4.7.2 Option 2: Wrapper function using CATALYST ‘daFrame’ object

The second option for running the diffcyt pipeline is to provide a previously created CATALYST daFrame object as the input to the diffcyt() wrapper function. As mentioned above, the CATALYST package contains extensive functions for preprocessing, exploratory analysis, and visualization of mass cytometry (CyTOF) data. This option is particularly useful when CATALYST has already been used for exploratory analyses (including clustering) and visualizations. The diffcyt methods can then be used to calculate differential tests using the existing daFrame object (in particular, re-using existing cluster labels stored in the daFrame object).

As above for option 1, the diffcyt() wrapper function requires several arguments to specify the inputs and analysis type, and provides additional arguments to specify optional parameter choices. Note that the arguments experiment_info and marker_info are not required in this case, since this information is already contained within the CATALYST daFrame object.

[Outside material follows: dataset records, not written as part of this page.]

(* If T^-p A^z T^q = 1 mod (m^M + 1) N, the diagonal entries at i and j differ
   by ± m^(q-p), so M divides q - p. *)
Lemma normal_form_T_exponent M N p q z : (0 < M)%N -> (0 < N)%N ->
  coprime ((m ^ M).+1 * N) m -> congr_one m ((m ^ M).+1 * N) (normal_form p z q) ->
  dvd_shift M p q.
Proof.
move=> M0 N0 cop cg.
have gi := cg i i; have gj := cg j j.
rewrite sub_entry one_entry eqxx diag_normal_form in gi.
rewrite sub_entry one_entry eqxx diag_normal_form in gj.
have [rel_le rel_gt] := diag_ratio p q z (diag_T_neq0 j) (expr_natm_neq0 m_gt0 1)
  T_diag_ratio (diag_A_sqr i) (diag_A_sqr j).
have hs : (A i i * A j j) ^ z = 1 \/ (A i i * A j j) ^ z = -1.
  have : ((A i i * A j j) ^ z) ^+ 2 = 1.
    by apply: sqr_exprz_eq1; rewrite exprMn !diag_A_sqr mulr1.
  by move/eqP; rewrite sqrf_eq1 => /orP[] /eqP; [left | right].
have [pq|qp] := leqP p q; [left|right]; split => //.
  exact: (ratio_congr_exponent _ M0 N0 cop hs (rel_le pq) gi gj).
exact: (ratio_congr_exponent _ M0 N0 cop hs (rel_gt qp) gj gi).
Qed.

(* If A^z = 1 mod N then N | |z| Y_ij in Z[1/m]; writing Y_ij = c0 / m^e with
   |c0| = K P2, P2 | m^s, and N = D' K with D' coprime to m, this gives D' | z. *)
Lemma A_exponent_divisible (c0 : int) e K P2 s D' z :
  Y i j = c0%:~R / m%:R ^+ e -> `|c0|%N = (K * P2)%N -> (P2 %| m ^ s)%N ->
  (0 < D' * K)%N -> coprime (D' * K) m -> congr_one m (D' * K) (A ^ z) -> (D' %| `|z|)%N.
Proof.
move=> eY eC dP2 N0 cop hz.
have hA : congr_one m (D' * K) (A ^+ `|z|).
  case: z hz => y hz; first by rewrite -exprnP in hz.
  have -> : A ^+ `|Negz y| = (A ^ Negz y)^-1 by rewrite NegzE -exprnN invrK.
  apply: congr_one_V => //; first exact: unitrXz.
  by rewrite NegzE -exprnN invrK; apply: entries_in_X => //; exact: rho_entries.
have hU : congr_one m (D' * K) (U ^+ `|z|).
  by rewrite /U exprAC; apply: congr_one_X => //; apply: entries_in_X => //; exact: rho_entries.
have [_ ez] := U_pow_entry `|z|.
have hzc : dvdZinv m (D' * K) ((`|z| * c0)%:~R).
  have -> : (`|z| * c0)%:~R = (U ^+ `|z| - 1) i j * m%:R ^+ e :> rat.
    by rewrite ez eY intrM -mulrA divfK ?expr_natm_neq0.
  by apply: dvdZinv_mulr => //; exact: inZinv_expm.
have := dvdZinv_int m_gt0 N0 cop hzc; rewrite dvdzE abszM /= eC.
have -> : (`|z| * (K * P2) = (`|z| * P2) * K)%N by ring.
rewrite dvdn_pmul2r; last by move: N0; rewrite muln_gt0 => /andP[].
have cDm : coprime D' (m ^ s) by apply: coprimeXr; move: cop; rewrite coprimeMl => /andP[].
by rewrite Gauss_dvdl // (coprime_dvdr dP2 cDm).
Qed.

End LowestBandEntry.


Lemma image_one : bs_image rho 1.
Proof. by exists [::]; rewrite rho_nil. Qed.

Lemma image_mul g h : bs_image rho g -> bs_image rho h -> bs_image rho (g * h).
Proof. by move=> [u ->] [v ->]; exists (u ++ v); rewrite rho_cat. Qed.

Lemma image_unit g : bs_image rho g -> g \is a GRing.unit.
Proof. by move=> [u ->]; exact: rho_unit. Qed.

(* The level: D is a power exponent for H, D' its m-free part, Y_ij = c0 / m^e
   with K the m-free part of c0, N2 = D' K, L the order of T mod N2, M = D L;
   then G((m^M + 1) N2) is contained in H. *)
Lemma image_CSP : has_CSP m (bs_image rho).
Proof.
move=> H subH finH.
have [D [D_gt0 HD]] := finite_index_powers image_one image_mul image_unit subH finH.
have [i [j [d [Yij dij d_gt0 band]]]] := lowest_band_entry.
have [c0 [e eY]] := entries_Y i j.
have c0_gt0 : (0 < `|c0|)%N.
  by rewrite absz_gt0; apply: contraNneq Yij => c00; rewrite eY c00 mul0r.
have [D' [P [s [eD cD' dP]]]] := coprime_part m_gt0 D_gt0.
have [K [P2 [s2 [eC cK dP2]]]] := coprime_part m_gt0 c0_gt0.
have N2_gt0 : (0 < D' * K)%N.
  by move: D_gt0 c0_gt0; rewrite eD eC !muln_gt0 => /andP[-> _] /andP[-> _].
have cN2 : coprime (D' * K) m by rewrite coprimeMl cD' cK.
have [L [L_gt0 hL]] : exists L, (0 < L)%N /\ congr_one m (D' * K) (T ^+ L).
  have cN2' : coprime (D' * K).-1.+1 m by rewrite prednK.
  have := power_congr_one m_gt0 cN2' (rho_entries [:: lt]) (rho_entriesV [:: lt]) T_unit.
  by rewrite prednK.
set M := (D * L)%N.
have M_gt0 : (0 < M)%N by rewrite muln_gt0 D_gt0.
have cN : coprime ((m ^ M).+1 * (D' * K)) m.
  rewrite coprimeMl cN2 andbT; apply: (@coprime_dvdr _ (m ^ M)).
    by rewrite -{1}(expn1 m) dvdn_exp2l.
  exact: coprimeSn.
exists ((m ^ M).+1 * (D' * K))%N; split => //; first by rewrite muln_gt0 N2_gt0.
move=> g [[w ->] hg]; have [p [q [z enf]]] := image_normal_form w; rewrite enf in hg *.
have cg : congr_one m ((m ^ M).+1 * (D' * K)) (normal_form p z q).
  by move=> k l; rewrite sub_entry one_entry; exact: hg.
have shiftM := normal_form_T_exponent Yij dij d_gt0 band M_gt0 N2_gt0 cN cg.
have cg2 : congr_one m (D' * K) (normal_form p z q).
  move=> k l; apply: (dvdZinv_dvd m_gt0 _ _ (cg k l)); first exact: dvdn_mull.
  by rewrite muln_gt0 N2_gt0.
have hz := congr_A_of_normal_form hL (dvd_shift_trans (dvdn_mull D (dvdnn L)) shiftM) cg2.
have dz := A_exponent_divisible Yij dij d_gt0 band eY eC dP2 N2_gt0 cN2 hz.
exact: normal_form_in_subgroup subH HD eD dP dz (dvd_shift_trans (dvdn_mulr L (dvdnn D)) shiftM).
Qed.

End Representation.

Theorem theorem1p5 (m n : nat) (hm : (2 <= m)%N) (hn : (1 <= n)%N)
  (rho : bsword -> 'M[rat]_n) :
  bs_hom m rho -> (forall w, in_Tn m (rho w)) -> bs_injective m rho ->
  has_CSP m (bs_image rho).
Proof.
case: n hn rho => [//|n] _ rho hom hTn hinj.
exact: image_CSP hm hom hTn hinj.
Qed.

An additional argument clustering_to_use is also provided, which allows the user to choose from one of several columns of cluster labels stored within the daFrame object; this set of cluster labels will then be used for the differential tests. See ?diffcyt for more details.

For further details on how to use CATALYST together with diffcyt, see the CATALYST Bioconductor vignette, or our extended CyTOF workflow (Nowicka et al., 2019) available from Bioconductor.

4.7.3 Option 3: Individual functions

To provide additional flexibility, it is also possible to run the functions for the individual steps in the diffcyt pipeline, instead of using the wrapper function. This may be useful if you wish to customize or modify certain parts of the pipeline; for example, to adjust the data transformation, or to substitute a different clustering algorithm. Running the individual steps can also provide additional insight into the methodology.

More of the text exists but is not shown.